3 Responses to “Tea with A Druid 125: Finding the Doors”

  1. I like the idea of looking at ourselves ‘bifocally’. In my 46 years on the planet I have never once been able to maintain any emotional or mental state for any great length of time. As soon as I think I’m on the right track, something changes and I fall off the horse, as it were. We are broken and whole all at once, just as you say. Of course, once we get past about 40, our actual eyes start to fail and we get to experience literally seeing ourselves bifocally. I look so young and perfect until I put my glasses on and see the effects of age on my face.
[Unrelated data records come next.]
Definition P2minus {Lam Om : Type} (Fam : (Om -> Prop) -> Prop)
  (rho : (Om -> Prop) -> (Lam -> Prop)) : Prop :=
  forall A : nat -> nat -> Lam -> Prop,
    (forall l, exists i j, A i j l) ->
    (forall i j i' j', (i, j) <> (i', j') -> disjoint (A i j) (A i' j')) ->
    (forall i j, I_rho Fam rho (A i j)) ->
    exists F, Fam F /\
      (forall i j, exists K, finite K /\ disjoint (rho (setminus F K)) (A i j)) /\
      (exists i0, forall i, i0 < i -> exists K, finite K /\
         disjoint (rho (setminus F K)) (fun l => exists j, A i j l)).

Definition S1 {Lam Om : Type} (Fam : (Om -> Prop) -> Prop)
  (rho : (Om -> Prop) -> (Lam -> Prop)) : Prop :=
  forall E, Fam E -> exists F, Fam F /\ subset F E /\
    forall A, I_rho Fam rho A -> exists G, Fam G /\
      subset (rho G) (setminus (rho F) A) /\
      forall K, finite K -> exists L, finite L /\
        subset (rho (setminus G L)) (rho (setminus F K)).

Definition S2 {Lam Om : Type} (Fam : (Om -> Prop) -> Prop)
  (rho : (Om -> Prop) -> (Lam -> Prop)) : Prop :=
  forall E, Fam E -> exists F, Fam F /\ subset F E /\
    forall B, subset B (rho F) -> ~ I_rho Fam rho B -> exists G, Fam G /\
      subset (rho G) B /\
      forall K, finite K -> exists L, finite L /\
        subset (rho (setminus G L)) (rho (setminus F K)).

(* FinBW(rho) membership of a space X given by its neighbourhood relation *)
Definition FinBW {Lam Om X : Type} (nbhd : X -> (X -> Prop) -> Prop)
  (Fam : (Om -> Prop) -> Prop) (rho : (Om -> Prop) -> (Lam -> Prop)) : Prop :=
  forall f : Lam -> X, exists F, Fam F /\ exists x,
    forall U, nbhd x U -> exists K, finite K /\ subset (image f (rho (setminus F K))) U.

(* The ordinal omega^2 + 1: Some (i,j) stands for omega*i + j, None for omega^2 *)
Definition ord_w2_1 : Type := option (nat * nat).

Definition ord_lt (x y : ord_w2_1) : Prop :=
  match x, y with
  | Some (i, j), Some (i', j') => i < i' \/ (i = i' /\ j < j')
  | Some _, None => True
  | None, _ => False
  end.

(* Order topology: U is a neighbourhood of x iff it contains a basic open set
   (an open interval, an open ray, or the whole space) containing x;
   [None] as an endpoint means "unbounded". *)
Definition ord_nbhd (x : ord_w2_1) (U : ord_w2_1 -> Prop) : Prop :=
  exists lo hi : option ord_w2_1,
    (forall a, lo = Some a -> ord_lt a x) /\
    (forall b, hi = Some b -> ord_lt x b) /\
    forall y, (forall a, lo = Some a -> ord_lt a y) ->
              (forall b, hi = Some b -> ord_lt y b) -> U y.

(* (1) A Katětov reduction f of rho_BI to rho pulls the columns {i} x {j} x omega of
   omega^3 back to a partition of Lambda into sets of I_rho.  A P^-_2 witness F for
   that partition would be pushed by f to a BI-positive set meeting every column and
   almost every row of omega^3 in a finite set, which is impossible.  Conversely, let
   (A_ij) witness rho ∉ P^-_2 and let F be given by (S) and (S_1).  Since discarding
   finitely many A_ij from rho(F) never produces a witness, either infinitely many
   rows, or infinitely many pieces of a single row, meet every tail of F.  Choosing,
   along an enumeration of Omega, points of these sets deeper and deeper in the tails
   of F and mapping them by l |-> (i, j, code l) gives a BI-positive set witnessing
   the reduction.
   (2) Send A_ij to the isolated ordinal omega*i + j + 1.  A rho-limit of this map
   cannot be isolated because A_ij ∈ I_rho; a limit point omega*i or omega^2 has
   neighbourhoods missing any given value and every row beyond i, so a set on which
   the map rho-converges is a P^-_2 witness.  Conversely, given f : Lambda -> omega^2+1,
   apply P^-_2 to the fibres of f and then (S_2): some G lands inside one row i, where
   f rho-converges to omega*(i+1), or inside the rows beyond i_0 and the top point,
   where f rho-converges to omega^2. *)

From Stdlib Require Import List Arith Lia Classical ClassicalEpsilon.
Import ListNotations.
    I had to look twice at the image of the tree to figure out what exactly I was looking at. A portal to the fairy house? Super.

    • I’m not sure if that’s a portal or a silhouette of a garden figure like one my grandmother had in Illinois in the 1940s of a girl wearing a sunbonnet that in profile stood out around her face, so her face was not visible. It really looks like it, but somehow … not entirely .. So I remain puzzled!